+++ Provided data +++

(* For any mechanism $(q_i,P_i)_{i\in\mathcal I}$ (with opt-out messages) and any nonnegative numbers $\alpha_i(m_i'\mid m_i)\ge 0$, $i\in\mathcal I$, $(m_i,m_i')\in M_i\times M_i$, we have for every $v\in V$: $$\min_{m\in M}\mathrm{Rev}(v,m)\le v.$$ In particular $\sum_v p(v)\min_m\mathrm{Rev}(v,m)\le\sum_v v\,p(v)$.
   Context: A mechanism for buyers $\mathcal I=\{1,\ldots,I\}$ with common value $v\in V=\{0,\nu,\ldots,1\}$ consists of finite message sets $M_i$ ($M=\prod_iM_i$), allocation rules $q_i:M\to[0,1]$ with $\sum_iq_i(m)\le1$, and payment rules $P_i:M\to\mathbb R$, where each $M_i$ contains an opt-out message $0$ with $q_i(0,m_{-i})=P_i(0,m_{-i})=0$ for all $m_{-i}$. $U_i(v,m)=v\,q_i(m)-P_i(m)$. Virtual revenue: $\mathrm{Rev}(v,m)=\sum_i\Big(P_i(m)+\sum_{m_i'\in M_i}\big(U_i(v,(m_i',m_{-i}))-U_i(v,m)\big)\alpha_i(m_i'\mid m_i)\Big)$. *)

From HB Require Import structures.
From mathcomp Require Import all_boot all_order all_algebra.
Set Implicit Arguments. Unset Strict Implicit. Unset Printing Implicit Defensive.
Import Order.TTheory GRing.Theory Num.Theory.
Local Open Scope ring_scope.

Definition profile (I : nat) (M : 'I_I -> finType) := {dffun forall i : 'I_I, M i}.

(* (x, m_{-i}) : replace buyer i's message in m by x. *)
Definition upd (I : nat) (M : 'I_I -> finType) (m : profile M) (i : 'I_I) (x : M i)
  : profile M :=
  [ffun j => if (i =P j) is ReflectT e then ecast k (M k) e x else m j].
Arguments upd {I M} m i x.

Definition is_mechanism (R : realFieldType) (I : nat) (M : 'I_I -> finType)
  (opt : forall i, M i) (q P : 'I_I -> profile M -> R) : Prop :=
  [/\ (forall i m, 0 <= q i m),
      (forall m, \sum_(i < I) q i m <= 1),
      (forall i (m : profile M), q i (upd m i (opt i)) = 0) &
      (forall i (m : profile M), P i (upd m i (opt i)) = 0)].

Definition util (R : realFieldType) (I : nat) (M : 'I_I -> finType)
  (q P : 'I_I -> profile M -> R) (i : 'I_I) (v : R) (m : profile M) : R :=
  v * q i m - P i m.

(* Virtual revenue; alpha i m' mi stands for alpha_i(m' | m_i). *)
Definition Rev (R : realFieldType) (I : nat) (M : 'I_I -> finType)
  (q P : 'I_I -> profile M -> R) (alpha : forall i, M i -> M i -> R)
  (v : R) (m : profile M) : R :=
  \sum_(i < I) (P i m + \sum_(x : M i)
      (util q P i v (upd m i x) - util q P i v m) * alpha i x (m i)).

(* The all-opt-out profile (witness that M is nonempty). *)
Definition opt_profile (I : nat) (M : 'I_I -> finType) (opt : forall i, M i)
  : profile M := [ffun i => opt i].

Definition minRev (R : realFieldType) (I : nat) (M : 'I_I -> finType)
  (opt : forall i, M i) (q P : 'I_I -> profile M -> R)
  (alpha : forall i, M i -> M i -> R) (v : R) : R :=
  \big[Num.min/Rev q P alpha v (opt_profile opt)]_(m : profile M) Rev q P alpha v m.

Definition gridV (R : realFieldType) (N : nat) (k : 'I_N.+1) : R := k%:R / N%:R.

(* Let each buyer i move among his messages as a continuous-time Markov chain
   jumping from y to x at rate alpha_i(x | y), plus a unit rate towards the
   opt-out message, and let pi_i be a stationary measure of this chain; one
   exists on any finite state space, by eliminating the states one at a time.
   Under the product measure prod_i pi_i the expected drift of any function of
   the profile caused by buyer i's moves vanishes.  With the extra opt-out rate,
   Rev(v, m) is v * sum_i q_i(m) plus the drifts of the utilities U_i(v, .), so
   its average under the product measure is at most v, and so is its minimum. *)

From HB Require Import structures.
From mathcomp Require Import all_boot all_order all_algebra ring lra.
Set Implicit Arguments. Unset Strict Implicit. Unset Printing Implicit Defensive.
Import Order.TTheory GRing.Theory Num.Theory.
Local Open Scope ring_scope.

Section StationaryMeasure.
Variables (R : realFieldType) (T : finType).
Implicit Types (S : {set T}) (b : T -> T -> R) (pi : T -> R).

(* [b x y] is the rate of jumping from [y] to [x]: balance means that, inside
   [S], the mass flowing into [x] equals the mass flowing out of [x]. *)
Definition balanced_on S b pi :=
  forall x, x \in S -> \sum_(y in S) pi y * b x y = pi x * \sum_(y in S) b y x.

Definition stationary b pi :=
  forall x, \sum_y pi y * b x y = pi x * \sum_y b y x.

Lemma balanced_point_mass S b z : z \in S ->
  (forall x, x \in S :\ z -> b x z = 0) ->
  balanced_on S b (fun x => (x == z)%:R).
Proof.
move=> Sz bz0 x Sx; rewrite (big_setD1 z) //= eqxx mul1r big1 ?addr0; last first.
  by move=> y; rewrite in_setD1 => /andP[/negbTE -> _]; rewrite mul0r.
have [->|xz] := eqVneq x z.
  by rewrite mul1r (big_setD1 z) //= big1 ?addr0 // => y /bz0.
by rewrite mul0r bz0 // in_setD1 xz.
Qed.

(* The chain watched only while it is off [z]: a jump from [y] to [z] is
   followed by a jump from [z] to [x] with probability [b x z / (exit rate of z)]. *)
Definition censor S b z : T -> T -> R :=
  fun x y => b x y + b z y * b x z / \sum_(w in S :\ z) b w z.

Definition extend_censored S b z pi : T -> R :=
  fun x => if x == z then (\sum_(y in S :\ z) pi y * b z y) / \sum_(w in S :\ z) b w z
           else pi x.

Lemma balanced_extend_censored S b z pi : z \in S ->
  \sum_(w in S :\ z) b w z != 0 ->
  balanced_on (S :\ z) (censor S b z) pi ->
  balanced_on S b (extend_censored S b z pi).
Proof.
rewrite /censor /extend_censored.
set S' := S :\ z; set o := \sum_(w in S') b w z.
set rho := (\sum_(y in S') pi y * b z y) / o => Sz o_neq0 bal x Sx.
have off_z F : \sum_(y in S') (if y == z then rho else pi y) * F y = \sum_(y in S') pi y * F y.
  by apply: eq_bigr => y; rewrite in_setD1 => /andP[/negbTE ->].
rewrite (big_setD1 z) //= eqxx off_z.
have [->|xz] := eqVneq x z.
  by rewrite [in RHS](big_setD1 z) //= -/S' -/o /rho; field.
have S'x : x \in S' by rewrite in_setD1 xz.
rewrite [in RHS](big_setD1 z) //= -/S'.
have := bal x S'x; rewrite -/o.
have -> : \sum_(y in S') pi y * (b x y + b z y * b x z / o)
        = \sum_(y in S') pi y * b x y + rho * b x z.
  by rewrite /rho !big_distrl -big_split /=; apply: eq_bigr => y _; field.
have -> : \sum_(y in S') (b y x + b z x * b y z / o) = \sum_(y in S') b y x + b z x.
  by rewrite big_split /= -big_distrl -big_distrr /= -/o; field.
by rewrite addrC (addrC (b z x)) => ->.
Qed.

Lemma exists_balanced_on S b : S != set0 -> (forall x y, 0 <= b x y) ->
  exists pi, [/\ forall x, 0 <= pi x, exists2 x, x \in S & 0 < pi x &
                 balanced_on S b pi].
Proof.
have [n] := ubnP #|S|; elim: n S b => // n IH S b /ltnSE leSn S_neq0 b_ge0.
have [z Sz] := set0Pn _ S_neq0.
have o_ge0 : 0 <= \sum_(w in S :\ z) b w z by apply: sumr_ge0.
have [o0|o_neq0] := eqVneq (\sum_(w in S :\ z) b w z) 0.
  exists (fun x => (x == z)%:R); split => [x||]; first by rewrite ler0n.
    by exists z; rewrite ?eqxx ?ltr01.
  exact: (balanced_point_mass Sz (psumr_eq0P (fun y _ => b_ge0 y z) o0)).
have S'_neq0 : S :\ z != set0.
  by apply: contraNneq o_neq0 => ->; rewrite big_set0.
have ltS' : (#|S :\ z| < n)%N.
  by apply: leq_trans leSn; rewrite (cardsD1 z S) Sz.
have b'_ge0 x y : 0 <= censor S b z x y.
  by rewrite addr_ge0 // divr_ge0 // mulr_ge0.
have [pi [pi_ge0 [x0 S'x0 pi_x0] bal]] := IH _ _ ltS' S'_neq0 b'_ge0.
exists (extend_censored S b z pi); split => [x||].
- rewrite /extend_censored; case: ifP => // _.
  by rewrite divr_ge0 // sumr_ge0 // => y _; rewrite mulr_ge0.
- move: S'x0; rewrite in_setD1 => /andP[x0z Sx0].
  by exists x0; rewrite // /extend_censored (negbTE x0z).
- exact: balanced_extend_censored.
Qed.

Lemma exists_stationary b (t0 : T) : (forall x y, 0 <= b x y) ->
  exists pi, [/\ forall x, 0 <= pi x, exists x, 0 < pi x & stationary b pi].
Proof.
move=> b_ge0; have setT_neq0 : [set: T] != set0 by apply/set0Pn; exists t0.
have [pi [pi_ge0 [x _ pi_x] bal]] := exists_balanced_on setT_neq0 b_ge0.
have sum_setT F : \sum_(w in [set: T]) F w = \sum_w F w.
  by apply: eq_bigl => w; rewrite in_setT.
exists pi; split => [//||y]; first by exists x.
by have := bal y (in_setT y); rewrite !sum_setT.
Qed.

Lemma stationary_drift_eq0 b pi (g : T -> R) : stationary b pi ->
  \sum_y pi y * \sum_x (g x - g y) * b x y = 0.
Proof.
move=> st; have -> : \sum_y pi y * \sum_x (g x - g y) * b x y
    = \sum_x g x * \sum_y pi y * b x y - \sum_y g y * (pi y * \sum_x b x y).
  under [X in _ = X - _]eq_bigr do rewrite big_distrr.
  rewrite exchange_big -sumrB; apply: eq_bigr => y _ /=.
  rewrite !big_distrr /= -sumrB; apply: eq_bigr => x _; ring.
under eq_bigr do rewrite st.
by rewrite subrr.
Qed.

End StationaryMeasure.

Section Profiles.
Variables (I : nat) (M : 'I_I -> finType).
Implicit Types (m : profile M) (i j : 'I_I).

Lemma upd_same m i (x : M i) : upd m i x i = x.
Proof. by rewrite ffunE; case: (i =P i) => // e; rewrite (eq_irrelevance e erefl). Qed.

Lemma upd_other m i (x : M i) j : i != j -> upd m i x j = m j.
Proof. by rewrite ffunE; case: (i =P j) => // ->; rewrite eqxx. Qed.

Lemma upd_upd m i (x y : M i) : upd (upd m i x) i y = upd m i y.
Proof.
apply/ffunP => j; have [<-|ij] := eqVneq i j; first by rewrite !upd_same.
by rewrite !upd_other.
Qed.

Lemma upd_id m i : upd m i (m i) = m.
Proof.
apply/ffunP => j; have [<-|ij] := eqVneq i j; first by rewrite upd_same.
by rewrite upd_other.
Qed.

Lemma sum_profile_fibers (R : nmodType) i (c : M i) (F : profile M -> R) :
  \sum_m F m = \sum_(m : profile M | m i == c) \sum_(x : M i) F (upd m i x).
Proof.
rewrite (partition_big (fun m : profile M => m i) xpredT) //= exchange_big /=.
apply: eq_bigr => x _.
rewrite (reindex_onto (fun m : profile M => upd m i x) (fun m => upd m i c)) /=; last first.
  by move=> m /eqP <-; rewrite upd_upd upd_id.
apply: eq_bigl => m; rewrite upd_same eqxx upd_upd /=.
by apply/eqP/eqP => [<-|<-]; rewrite ?upd_same ?upd_id.
Qed.

End Profiles.

Section ProductMeasure.
Variables (R : realFieldType) (I : nat) (M : 'I_I -> finType).
Implicit Types (m : profile M) (i j : 'I_I).

Definition prod_measure (pi : forall i, M i -> R) m : R := \prod_j pi j (m j).

(* [Rev q P alpha v m] unfolds to [\sum_i (P i m + drift alpha (util q P i v) i m)]. *)
Definition drift (b : forall i, M i -> M i -> R) (g : profile M -> R) i m : R :=
  \sum_(x : M i) (g (upd m i x) - g m) * b i x (m i).

Lemma prod_measure_sum_gt0 (pi : forall i, M i -> R) :
  (forall i x, 0 <= pi i x) -> (forall i, exists x, 0 < pi i x) ->
  0 < \sum_m prod_measure pi m.
Proof.
move=> pi_ge0 /fin_all_exists[xs pi_xs]; pose ms : profile M := [ffun i => xs i].
rewrite (bigD1 ms) //=; apply: ltr_wpDr.
  by apply: sumr_ge0 => m _; apply: prodr_ge0.
by apply: prodr_gt0 => j _; rewrite ffunE.
Qed.

Lemma prod_measure_drift_eq0 pi b g i : stationary (b i) (pi i) ->
  \sum_m prod_measure pi m * drift b g i m = 0.
Proof.
move=> st; have [m0 _|no_profile] := pickP (@predT (profile M)); last first.
  by rewrite big_pred0.
rewrite (sum_profile_fibers (m0 i)) big1 // => m _.
pose w := \prod_(j | j != i) pi j (m j).
have muE y : prod_measure pi (upd m i y) = pi i y * w.
  rewrite /prod_measure (bigD1 i) //= upd_same; congr (_ * _).
  by apply: eq_bigr => j ji; rewrite upd_other // eq_sym.
have driftE y : drift b g i (upd m i y)
    = \sum_x (g (upd m i x) - g (upd m i y)) * b i x y.
  by rewrite /drift upd_same; apply: eq_bigr => x _; rewrite upd_upd.
under eq_bigr do rewrite muE driftE mulrAC.
by rewrite -big_distrl /= (stationary_drift_eq0 (fun x => g (upd m i x)) st) mul0r.
Qed.

End ProductMeasure.

Lemma bigmin_mul_sum_le (R : realFieldType) (T : finType) (x0 : R) (F w : T -> R) :
  (forall t, 0 <= w t) ->
  \big[Num.min/x0]_t F t * \sum_t w t <= \sum_t w t * F t.
Proof.
move=> w_ge0; rewrite mulr_sumr; apply: ler_sum => t _.
by rewrite mulrC ler_wpM2l // bigmin_le.
Qed.

Section VirtualRevenue.
Variables (R : realFieldType) (I : nat) (M : 'I_I -> finType).
Variables (opt : forall i, M i) (q P : 'I_I -> profile M -> R).
Variable alpha : forall i, M i -> M i -> R.
Arguments alpha : clear implicits.
Hypothesis mech : is_mechanism opt q P.
Hypothesis alpha_ge0 : forall i x y, 0 <= alpha i x y.

(* With an extra unit rate towards opting out, the drift of [U_i] picks up
   [U_i(v, (0, m_{-i})) - U_i(v, m) = P_i(m) - v q_i(m)], absorbing the payment. *)
Definition optout_rates i (x y : M i) : R := alpha i x y + (x == opt i)%:R.
Arguments optout_rates : clear implicits.

Lemma optout_rates_ge0 i x y : 0 <= optout_rates i x y.
Proof. by rewrite addr_ge0 ?ler0n. Qed.

Lemma Rev_optout_drift v m :
  Rev q P alpha v m = \sum_i (v * q i m + drift optout_rates (util q P i v) i m).
Proof.
have [_ _ q_opt P_opt] := mech; apply: eq_bigr => i _.
rewrite /drift /optout_rates; under [in RHS]eq_bigr do rewrite mulrDr.
rewrite big_split /= [\sum_x _ * (_ == _)%:R](bigD1 (opt i)) //= eqxx mulr1.
rewrite [\sum_(x | x != opt i) _]big1 => [|x /negbTE ->]; last by rewrite mulr0.
rewrite addr0 /util q_opt P_opt; lra.
Qed.

Lemma prod_measure_avg_Rev_le (pi : forall i, M i -> R) v :
  (forall i x, 0 <= pi i x) -> (forall i, stationary (optout_rates i) (pi i)) ->
  0 <= v ->
  \sum_m prod_measure pi m * Rev q P alpha v m <= v * \sum_m prod_measure pi m.
Proof.
move=> pi_ge0 pi_st v_ge0; have [_ q_le1 _ _] := mech.
under eq_bigr do rewrite Rev_optout_drift big_split /= -big_distrr mulrDr.
rewrite big_split /=.
have -> : \sum_m prod_measure pi m * \sum_i drift optout_rates (util q P i v) i m = 0.
  under eq_bigr do rewrite big_distrr.
  by rewrite exchange_big big1 // => i _; apply: prod_measure_drift_eq0.
rewrite addr0 big_distrr; apply: ler_sum => m _.
rewrite mulrCA ler_wpM2l // -[leRHS]mulr1 ler_wpM2l ?q_le1 //.
exact: prodr_ge0.
Qed.

Lemma minRev_le v : 0 <= v -> minRev opt q P alpha v <= v.
Proof.
move=> v_ge0.
have /fin_all_exists[pi pi_spec] i := exists_stationary (opt i) (@optout_rates_ge0 i).
have pi_ge0 i x : 0 <= pi i x by case: (pi_spec i).
have pi_pos i : exists x, 0 < pi i x by case: (pi_spec i).
have pi_st i : stationary (optout_rates i) (pi i) by case: (pi_spec i).
rewrite -(ler_pM2r (prod_measure_sum_gt0 pi_ge0 pi_pos)).
apply: le_trans (prod_measure_avg_Rev_le pi_ge0 pi_st v_ge0).
by apply: bigmin_mul_sum_le => m; apply: prodr_ge0.
Qed.

End VirtualRevenue.

Theorem lemma1 (R : realFieldType) (N : nat) (I : nat) (M : 'I_I -> finType)
  (opt : forall i, M i) (q P : 'I_I -> profile M -> R)
  (alpha : forall i, M i -> M i -> R) :
  (0 < N)%N ->
  is_mechanism opt q P ->
  (forall i x y, 0 <= alpha i x y) ->
  (forall k : 'I_N.+1, minRev opt q P alpha (gridV R k) <= gridV R k) /\
  (forall p : 'I_N.+1 -> R, (forall k, 0 <= p k) ->
     \sum_(k < N.+1) p k * minRev opt q P alpha (gridV R k)
       <= \sum_(k < N.+1) gridV R k * p k).
Proof.
move=> _ mech alpha_ge0.
have gridV_ge0 (k : 'I_N.+1) : 0 <= gridV R k by rewrite divr_ge0 ?ler0n.
have minRev_grid (k : 'I_N.+1) := minRev_le mech alpha_ge0 (gridV_ge0 k).
split=> // p p_ge0; apply: ler_sum => k _.
by rewrite mulrC ler_wpM2r.
Qed.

+++

Restate word for word only the lines above from the line containing "under eq_bigr do rewrite st." to the line containing "Lemma upd_upd m", both of them included.

under eq_bigr do rewrite st.
by rewrite subrr.
Qed.

End StationaryMeasure.

Section Profiles.
Variables (I : nat) (M : 'I_I -> finType).
Implicit Types (m : profile M) (i j : 'I_I).

Lemma upd_same m i (x : M i) : upd m i x i = x.
Proof. by rewrite ffunE; case: (i =P i) => // e; rewrite (eq_irrelevance e erefl). Qed.

Lemma upd_other m i (x : M i) j : i != j -> upd m i x j = m j.
Proof. by rewrite ffunE; case: (i =P j) => // ->; rewrite eqxx. Qed.

Lemma upd_upd m i (x y : M i) : upd (upd m i x) i y = upd m i y.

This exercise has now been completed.